- Task goal: Among the records below, find the line that has "have cardED : #|E :|: D| = (#|E| + #|D|)%N."; from there, give the lines again exactly, and stop after the line that has "by rewrite sumQ".

****

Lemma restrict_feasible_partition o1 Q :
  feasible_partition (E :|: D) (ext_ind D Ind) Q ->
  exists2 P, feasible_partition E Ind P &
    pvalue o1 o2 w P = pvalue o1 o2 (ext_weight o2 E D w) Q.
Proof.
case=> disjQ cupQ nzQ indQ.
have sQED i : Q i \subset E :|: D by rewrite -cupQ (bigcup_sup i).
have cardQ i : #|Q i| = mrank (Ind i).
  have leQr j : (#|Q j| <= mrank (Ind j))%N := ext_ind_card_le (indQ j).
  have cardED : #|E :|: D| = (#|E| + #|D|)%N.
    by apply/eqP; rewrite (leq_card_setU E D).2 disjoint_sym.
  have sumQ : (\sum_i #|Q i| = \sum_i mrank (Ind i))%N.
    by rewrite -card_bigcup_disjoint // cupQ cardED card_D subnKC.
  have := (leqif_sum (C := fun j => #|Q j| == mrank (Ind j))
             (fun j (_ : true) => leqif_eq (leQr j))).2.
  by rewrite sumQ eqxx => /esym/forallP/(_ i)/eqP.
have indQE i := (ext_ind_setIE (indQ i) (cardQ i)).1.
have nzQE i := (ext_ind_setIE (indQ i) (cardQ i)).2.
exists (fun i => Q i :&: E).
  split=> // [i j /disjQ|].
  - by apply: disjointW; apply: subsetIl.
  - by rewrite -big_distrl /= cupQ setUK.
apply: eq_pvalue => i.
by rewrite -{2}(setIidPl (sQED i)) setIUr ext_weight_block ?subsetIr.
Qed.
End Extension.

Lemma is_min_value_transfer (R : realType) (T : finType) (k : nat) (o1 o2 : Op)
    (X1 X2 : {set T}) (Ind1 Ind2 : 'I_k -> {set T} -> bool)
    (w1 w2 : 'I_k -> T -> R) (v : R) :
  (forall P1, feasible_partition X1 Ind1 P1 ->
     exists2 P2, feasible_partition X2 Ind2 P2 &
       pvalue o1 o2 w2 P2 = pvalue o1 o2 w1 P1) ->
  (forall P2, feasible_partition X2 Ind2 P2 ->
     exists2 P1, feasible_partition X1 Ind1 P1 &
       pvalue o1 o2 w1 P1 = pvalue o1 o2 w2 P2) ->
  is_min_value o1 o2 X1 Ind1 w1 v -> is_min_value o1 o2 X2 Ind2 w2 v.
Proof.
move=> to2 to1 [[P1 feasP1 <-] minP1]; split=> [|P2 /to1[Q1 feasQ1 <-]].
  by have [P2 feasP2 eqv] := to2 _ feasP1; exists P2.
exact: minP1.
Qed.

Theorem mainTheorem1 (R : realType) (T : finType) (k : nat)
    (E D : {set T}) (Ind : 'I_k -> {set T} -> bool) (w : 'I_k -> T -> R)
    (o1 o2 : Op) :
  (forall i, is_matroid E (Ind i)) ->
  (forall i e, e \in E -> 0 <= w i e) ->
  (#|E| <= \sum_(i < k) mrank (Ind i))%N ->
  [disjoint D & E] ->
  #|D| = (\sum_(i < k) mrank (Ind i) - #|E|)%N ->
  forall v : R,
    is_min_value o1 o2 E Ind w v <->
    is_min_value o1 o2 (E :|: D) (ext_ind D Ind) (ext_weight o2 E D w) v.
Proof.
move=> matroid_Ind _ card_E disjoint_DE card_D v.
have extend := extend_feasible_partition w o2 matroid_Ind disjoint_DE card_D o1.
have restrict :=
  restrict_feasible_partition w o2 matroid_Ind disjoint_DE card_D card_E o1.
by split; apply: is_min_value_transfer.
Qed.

****

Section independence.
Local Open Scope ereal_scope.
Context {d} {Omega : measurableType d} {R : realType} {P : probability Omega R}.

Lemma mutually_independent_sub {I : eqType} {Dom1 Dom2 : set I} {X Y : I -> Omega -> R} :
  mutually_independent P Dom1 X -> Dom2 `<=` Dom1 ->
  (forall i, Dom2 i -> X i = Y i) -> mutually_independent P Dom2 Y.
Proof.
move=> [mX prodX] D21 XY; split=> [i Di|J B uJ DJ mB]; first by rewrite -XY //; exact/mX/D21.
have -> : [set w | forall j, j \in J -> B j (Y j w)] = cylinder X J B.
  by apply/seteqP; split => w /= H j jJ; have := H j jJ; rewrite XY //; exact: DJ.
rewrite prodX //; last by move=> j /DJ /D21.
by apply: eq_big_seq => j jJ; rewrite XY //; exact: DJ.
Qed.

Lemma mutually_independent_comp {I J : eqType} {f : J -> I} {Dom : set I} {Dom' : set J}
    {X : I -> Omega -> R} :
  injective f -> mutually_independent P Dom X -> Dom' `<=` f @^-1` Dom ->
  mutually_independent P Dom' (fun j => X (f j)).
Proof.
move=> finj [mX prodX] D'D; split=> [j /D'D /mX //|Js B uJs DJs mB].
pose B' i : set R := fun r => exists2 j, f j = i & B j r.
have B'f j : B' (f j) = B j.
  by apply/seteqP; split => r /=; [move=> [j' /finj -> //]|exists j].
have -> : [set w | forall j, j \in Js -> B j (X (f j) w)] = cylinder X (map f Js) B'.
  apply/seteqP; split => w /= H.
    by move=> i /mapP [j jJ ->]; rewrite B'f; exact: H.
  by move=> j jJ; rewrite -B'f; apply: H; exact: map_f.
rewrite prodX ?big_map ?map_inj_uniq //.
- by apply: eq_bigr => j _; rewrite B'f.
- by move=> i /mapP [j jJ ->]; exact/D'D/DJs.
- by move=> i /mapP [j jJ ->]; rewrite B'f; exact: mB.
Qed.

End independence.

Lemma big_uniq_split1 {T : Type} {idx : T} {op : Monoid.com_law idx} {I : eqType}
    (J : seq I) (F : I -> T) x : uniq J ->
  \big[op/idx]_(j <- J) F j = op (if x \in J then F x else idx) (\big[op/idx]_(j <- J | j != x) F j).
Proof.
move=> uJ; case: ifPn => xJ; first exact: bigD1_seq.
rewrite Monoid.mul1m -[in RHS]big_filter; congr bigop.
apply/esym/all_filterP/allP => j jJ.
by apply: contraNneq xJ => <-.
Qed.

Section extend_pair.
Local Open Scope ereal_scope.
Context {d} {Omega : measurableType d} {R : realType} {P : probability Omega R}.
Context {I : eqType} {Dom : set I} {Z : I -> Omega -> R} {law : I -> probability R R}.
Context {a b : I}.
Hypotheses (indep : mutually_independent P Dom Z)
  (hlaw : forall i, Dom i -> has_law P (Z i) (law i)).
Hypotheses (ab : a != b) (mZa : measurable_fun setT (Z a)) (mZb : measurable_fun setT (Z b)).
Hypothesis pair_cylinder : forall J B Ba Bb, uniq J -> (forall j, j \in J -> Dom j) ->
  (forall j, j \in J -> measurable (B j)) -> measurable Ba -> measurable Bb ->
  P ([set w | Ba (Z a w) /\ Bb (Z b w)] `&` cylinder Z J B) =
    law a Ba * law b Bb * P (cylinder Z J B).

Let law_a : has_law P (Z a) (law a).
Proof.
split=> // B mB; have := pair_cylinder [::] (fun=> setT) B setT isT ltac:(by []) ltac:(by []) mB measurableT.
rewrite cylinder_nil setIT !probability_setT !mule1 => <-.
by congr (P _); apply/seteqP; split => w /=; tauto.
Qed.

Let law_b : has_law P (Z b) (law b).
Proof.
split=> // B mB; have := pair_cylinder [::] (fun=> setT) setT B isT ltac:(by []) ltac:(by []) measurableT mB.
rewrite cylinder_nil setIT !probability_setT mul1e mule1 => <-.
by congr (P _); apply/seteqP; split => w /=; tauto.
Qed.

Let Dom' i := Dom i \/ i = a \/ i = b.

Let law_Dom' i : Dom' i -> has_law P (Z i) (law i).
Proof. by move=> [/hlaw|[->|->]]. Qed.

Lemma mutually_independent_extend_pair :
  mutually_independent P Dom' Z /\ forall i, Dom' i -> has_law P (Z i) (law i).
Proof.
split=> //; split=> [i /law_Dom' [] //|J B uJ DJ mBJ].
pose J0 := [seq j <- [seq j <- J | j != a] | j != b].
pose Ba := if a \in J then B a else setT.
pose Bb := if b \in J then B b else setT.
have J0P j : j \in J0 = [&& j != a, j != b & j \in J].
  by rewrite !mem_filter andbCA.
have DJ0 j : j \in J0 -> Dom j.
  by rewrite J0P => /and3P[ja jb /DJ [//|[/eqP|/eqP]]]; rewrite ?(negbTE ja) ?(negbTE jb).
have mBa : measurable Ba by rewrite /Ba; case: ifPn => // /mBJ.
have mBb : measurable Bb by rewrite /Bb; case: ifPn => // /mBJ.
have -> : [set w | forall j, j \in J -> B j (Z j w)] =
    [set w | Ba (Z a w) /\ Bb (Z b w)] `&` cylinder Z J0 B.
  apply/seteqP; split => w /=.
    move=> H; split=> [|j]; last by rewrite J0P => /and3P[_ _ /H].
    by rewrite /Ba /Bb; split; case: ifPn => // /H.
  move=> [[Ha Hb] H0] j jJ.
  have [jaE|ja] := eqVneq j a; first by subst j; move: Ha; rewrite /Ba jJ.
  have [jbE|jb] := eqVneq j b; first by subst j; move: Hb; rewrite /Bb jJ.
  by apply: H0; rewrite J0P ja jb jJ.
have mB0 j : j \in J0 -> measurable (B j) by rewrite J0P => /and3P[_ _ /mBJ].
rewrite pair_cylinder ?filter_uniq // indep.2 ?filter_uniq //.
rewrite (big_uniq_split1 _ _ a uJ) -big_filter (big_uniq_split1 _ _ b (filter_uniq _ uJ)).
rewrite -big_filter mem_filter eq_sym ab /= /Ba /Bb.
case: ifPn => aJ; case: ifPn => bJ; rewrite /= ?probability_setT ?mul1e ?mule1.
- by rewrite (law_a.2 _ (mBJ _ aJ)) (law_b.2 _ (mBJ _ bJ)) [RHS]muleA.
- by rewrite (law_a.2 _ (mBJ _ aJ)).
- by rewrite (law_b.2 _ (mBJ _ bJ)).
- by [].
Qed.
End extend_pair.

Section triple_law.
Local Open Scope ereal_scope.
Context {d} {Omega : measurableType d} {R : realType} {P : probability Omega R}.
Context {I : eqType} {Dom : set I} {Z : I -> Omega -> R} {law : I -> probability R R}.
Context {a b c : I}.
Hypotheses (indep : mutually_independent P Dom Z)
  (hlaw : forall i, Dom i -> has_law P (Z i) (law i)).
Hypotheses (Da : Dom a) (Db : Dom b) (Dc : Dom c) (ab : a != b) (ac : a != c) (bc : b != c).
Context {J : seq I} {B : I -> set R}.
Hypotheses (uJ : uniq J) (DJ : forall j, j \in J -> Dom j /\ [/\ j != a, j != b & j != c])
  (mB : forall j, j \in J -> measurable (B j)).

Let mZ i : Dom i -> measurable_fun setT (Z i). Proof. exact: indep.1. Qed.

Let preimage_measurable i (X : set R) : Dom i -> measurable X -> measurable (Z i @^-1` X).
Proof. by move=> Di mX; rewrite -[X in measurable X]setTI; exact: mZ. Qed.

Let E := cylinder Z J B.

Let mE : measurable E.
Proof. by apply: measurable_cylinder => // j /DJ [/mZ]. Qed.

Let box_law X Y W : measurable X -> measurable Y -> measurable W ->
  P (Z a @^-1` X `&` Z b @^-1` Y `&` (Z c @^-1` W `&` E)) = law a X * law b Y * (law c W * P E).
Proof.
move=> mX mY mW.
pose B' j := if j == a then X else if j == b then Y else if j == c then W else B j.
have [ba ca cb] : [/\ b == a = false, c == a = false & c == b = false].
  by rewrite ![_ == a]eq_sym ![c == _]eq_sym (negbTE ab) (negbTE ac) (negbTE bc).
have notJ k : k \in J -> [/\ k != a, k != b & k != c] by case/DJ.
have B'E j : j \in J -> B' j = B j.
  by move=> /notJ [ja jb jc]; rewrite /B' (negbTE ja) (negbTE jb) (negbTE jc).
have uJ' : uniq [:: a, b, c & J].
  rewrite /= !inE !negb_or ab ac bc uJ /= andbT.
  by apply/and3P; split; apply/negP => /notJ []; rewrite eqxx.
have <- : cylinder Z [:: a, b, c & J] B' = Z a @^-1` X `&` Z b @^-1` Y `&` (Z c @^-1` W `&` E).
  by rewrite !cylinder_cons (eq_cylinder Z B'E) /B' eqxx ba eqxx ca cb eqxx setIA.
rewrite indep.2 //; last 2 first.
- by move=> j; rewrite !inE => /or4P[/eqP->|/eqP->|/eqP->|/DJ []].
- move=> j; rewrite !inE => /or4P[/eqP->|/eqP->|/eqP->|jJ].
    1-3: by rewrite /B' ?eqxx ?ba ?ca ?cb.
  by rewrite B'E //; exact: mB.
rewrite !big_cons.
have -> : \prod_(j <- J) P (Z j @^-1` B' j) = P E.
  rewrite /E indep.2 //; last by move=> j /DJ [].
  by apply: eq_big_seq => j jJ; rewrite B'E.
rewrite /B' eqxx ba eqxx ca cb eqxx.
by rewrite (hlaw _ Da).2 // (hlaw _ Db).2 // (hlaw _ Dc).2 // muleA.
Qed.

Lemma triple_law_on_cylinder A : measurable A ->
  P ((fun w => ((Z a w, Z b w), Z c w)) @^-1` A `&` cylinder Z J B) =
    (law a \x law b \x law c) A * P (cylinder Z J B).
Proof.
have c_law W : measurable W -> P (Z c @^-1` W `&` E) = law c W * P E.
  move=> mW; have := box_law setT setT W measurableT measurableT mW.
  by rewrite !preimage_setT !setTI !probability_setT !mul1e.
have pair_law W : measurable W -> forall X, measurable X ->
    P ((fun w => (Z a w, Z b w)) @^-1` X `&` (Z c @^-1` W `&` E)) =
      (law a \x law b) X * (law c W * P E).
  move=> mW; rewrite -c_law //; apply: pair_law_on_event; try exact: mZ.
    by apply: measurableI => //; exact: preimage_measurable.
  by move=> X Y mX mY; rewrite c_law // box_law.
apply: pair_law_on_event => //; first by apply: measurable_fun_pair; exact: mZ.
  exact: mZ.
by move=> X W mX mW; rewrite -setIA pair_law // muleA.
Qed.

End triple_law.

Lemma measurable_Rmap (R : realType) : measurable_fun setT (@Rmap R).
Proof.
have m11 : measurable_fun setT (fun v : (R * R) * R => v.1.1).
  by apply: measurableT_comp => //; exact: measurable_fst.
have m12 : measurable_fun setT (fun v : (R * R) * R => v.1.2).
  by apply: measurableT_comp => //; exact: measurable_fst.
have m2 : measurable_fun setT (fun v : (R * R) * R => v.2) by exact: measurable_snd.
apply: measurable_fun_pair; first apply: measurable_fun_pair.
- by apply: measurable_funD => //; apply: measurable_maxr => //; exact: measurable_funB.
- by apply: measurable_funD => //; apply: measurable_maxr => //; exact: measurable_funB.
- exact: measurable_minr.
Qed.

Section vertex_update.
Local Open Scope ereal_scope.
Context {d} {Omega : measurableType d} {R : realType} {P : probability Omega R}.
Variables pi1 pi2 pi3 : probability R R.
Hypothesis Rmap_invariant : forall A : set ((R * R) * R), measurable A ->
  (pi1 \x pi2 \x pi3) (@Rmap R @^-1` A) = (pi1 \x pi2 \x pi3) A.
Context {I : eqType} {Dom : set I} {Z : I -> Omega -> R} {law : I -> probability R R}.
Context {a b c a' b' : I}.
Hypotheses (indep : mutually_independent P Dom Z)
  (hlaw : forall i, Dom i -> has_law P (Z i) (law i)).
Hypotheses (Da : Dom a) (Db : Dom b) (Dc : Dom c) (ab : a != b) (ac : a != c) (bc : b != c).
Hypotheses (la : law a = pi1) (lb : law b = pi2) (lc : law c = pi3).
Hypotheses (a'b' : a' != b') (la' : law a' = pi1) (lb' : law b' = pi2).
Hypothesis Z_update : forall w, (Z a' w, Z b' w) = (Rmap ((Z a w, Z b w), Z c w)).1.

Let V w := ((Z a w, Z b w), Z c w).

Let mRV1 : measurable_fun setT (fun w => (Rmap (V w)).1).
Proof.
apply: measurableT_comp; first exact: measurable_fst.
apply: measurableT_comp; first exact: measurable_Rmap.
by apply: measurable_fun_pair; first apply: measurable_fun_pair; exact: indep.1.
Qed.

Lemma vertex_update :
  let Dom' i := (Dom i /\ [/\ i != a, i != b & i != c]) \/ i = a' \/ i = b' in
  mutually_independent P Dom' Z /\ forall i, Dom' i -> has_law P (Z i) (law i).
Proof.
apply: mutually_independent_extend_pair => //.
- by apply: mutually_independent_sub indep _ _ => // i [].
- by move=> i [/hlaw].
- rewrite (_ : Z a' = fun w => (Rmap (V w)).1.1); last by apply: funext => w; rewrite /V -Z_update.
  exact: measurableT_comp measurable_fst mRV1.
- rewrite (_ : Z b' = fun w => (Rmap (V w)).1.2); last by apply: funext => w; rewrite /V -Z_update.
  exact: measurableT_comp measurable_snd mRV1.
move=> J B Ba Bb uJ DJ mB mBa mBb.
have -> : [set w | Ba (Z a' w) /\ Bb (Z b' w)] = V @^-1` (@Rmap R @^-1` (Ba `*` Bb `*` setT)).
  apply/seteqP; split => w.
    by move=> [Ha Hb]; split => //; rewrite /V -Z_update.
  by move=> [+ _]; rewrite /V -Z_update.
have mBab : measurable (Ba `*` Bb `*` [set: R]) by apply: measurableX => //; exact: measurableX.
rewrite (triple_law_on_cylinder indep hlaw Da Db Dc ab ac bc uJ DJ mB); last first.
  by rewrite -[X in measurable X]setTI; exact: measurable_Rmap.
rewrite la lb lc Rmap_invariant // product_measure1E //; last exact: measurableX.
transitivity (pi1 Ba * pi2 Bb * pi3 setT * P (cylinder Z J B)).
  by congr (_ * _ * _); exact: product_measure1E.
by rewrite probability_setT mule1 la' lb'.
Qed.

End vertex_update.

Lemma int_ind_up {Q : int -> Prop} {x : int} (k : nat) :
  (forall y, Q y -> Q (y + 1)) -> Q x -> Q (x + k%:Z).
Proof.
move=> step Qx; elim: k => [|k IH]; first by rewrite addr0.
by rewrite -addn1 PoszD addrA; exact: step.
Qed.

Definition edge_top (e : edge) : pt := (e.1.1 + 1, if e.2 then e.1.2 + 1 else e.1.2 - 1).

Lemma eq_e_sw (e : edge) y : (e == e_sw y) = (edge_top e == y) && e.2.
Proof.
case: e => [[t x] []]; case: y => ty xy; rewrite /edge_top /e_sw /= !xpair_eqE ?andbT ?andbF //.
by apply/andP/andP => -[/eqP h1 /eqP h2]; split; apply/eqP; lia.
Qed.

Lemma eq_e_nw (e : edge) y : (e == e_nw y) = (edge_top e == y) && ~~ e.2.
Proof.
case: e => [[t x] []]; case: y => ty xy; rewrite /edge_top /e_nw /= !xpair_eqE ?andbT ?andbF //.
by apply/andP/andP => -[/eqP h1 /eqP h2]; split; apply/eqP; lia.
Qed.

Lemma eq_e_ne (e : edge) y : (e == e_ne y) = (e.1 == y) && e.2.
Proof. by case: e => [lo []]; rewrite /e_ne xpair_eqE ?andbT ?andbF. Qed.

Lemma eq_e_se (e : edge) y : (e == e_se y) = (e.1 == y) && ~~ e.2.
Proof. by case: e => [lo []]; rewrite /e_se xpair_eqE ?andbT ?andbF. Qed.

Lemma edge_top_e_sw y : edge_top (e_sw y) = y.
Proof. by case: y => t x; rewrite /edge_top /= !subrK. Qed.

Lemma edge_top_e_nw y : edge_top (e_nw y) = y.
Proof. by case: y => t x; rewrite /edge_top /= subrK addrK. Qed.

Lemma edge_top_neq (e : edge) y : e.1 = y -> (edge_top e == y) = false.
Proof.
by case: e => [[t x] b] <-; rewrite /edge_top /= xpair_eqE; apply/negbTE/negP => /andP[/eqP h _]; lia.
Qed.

****

- Response to this task:
  have cardED : #|E :|: D| = (#|E| + #|D|)%N.
    by apply/eqP; rewrite (leq_card_setU E D).2 disjoint_sym.
  have sumQ : (\sum_i #|Q i| = \sum_i mrank (Ind i))%N.
    by rewrite -card_bigcup_disjoint // cupQ cardED card_D subnKC.
  have := (leqif_sum (C := fun j => #|Q j| == mrank (Ind j))
             (fun j (_ : true) => leqif_eq (leQr j))).2.
  by rewrite sumQ eqxx => /esym/forallP/(_ i)/eqP.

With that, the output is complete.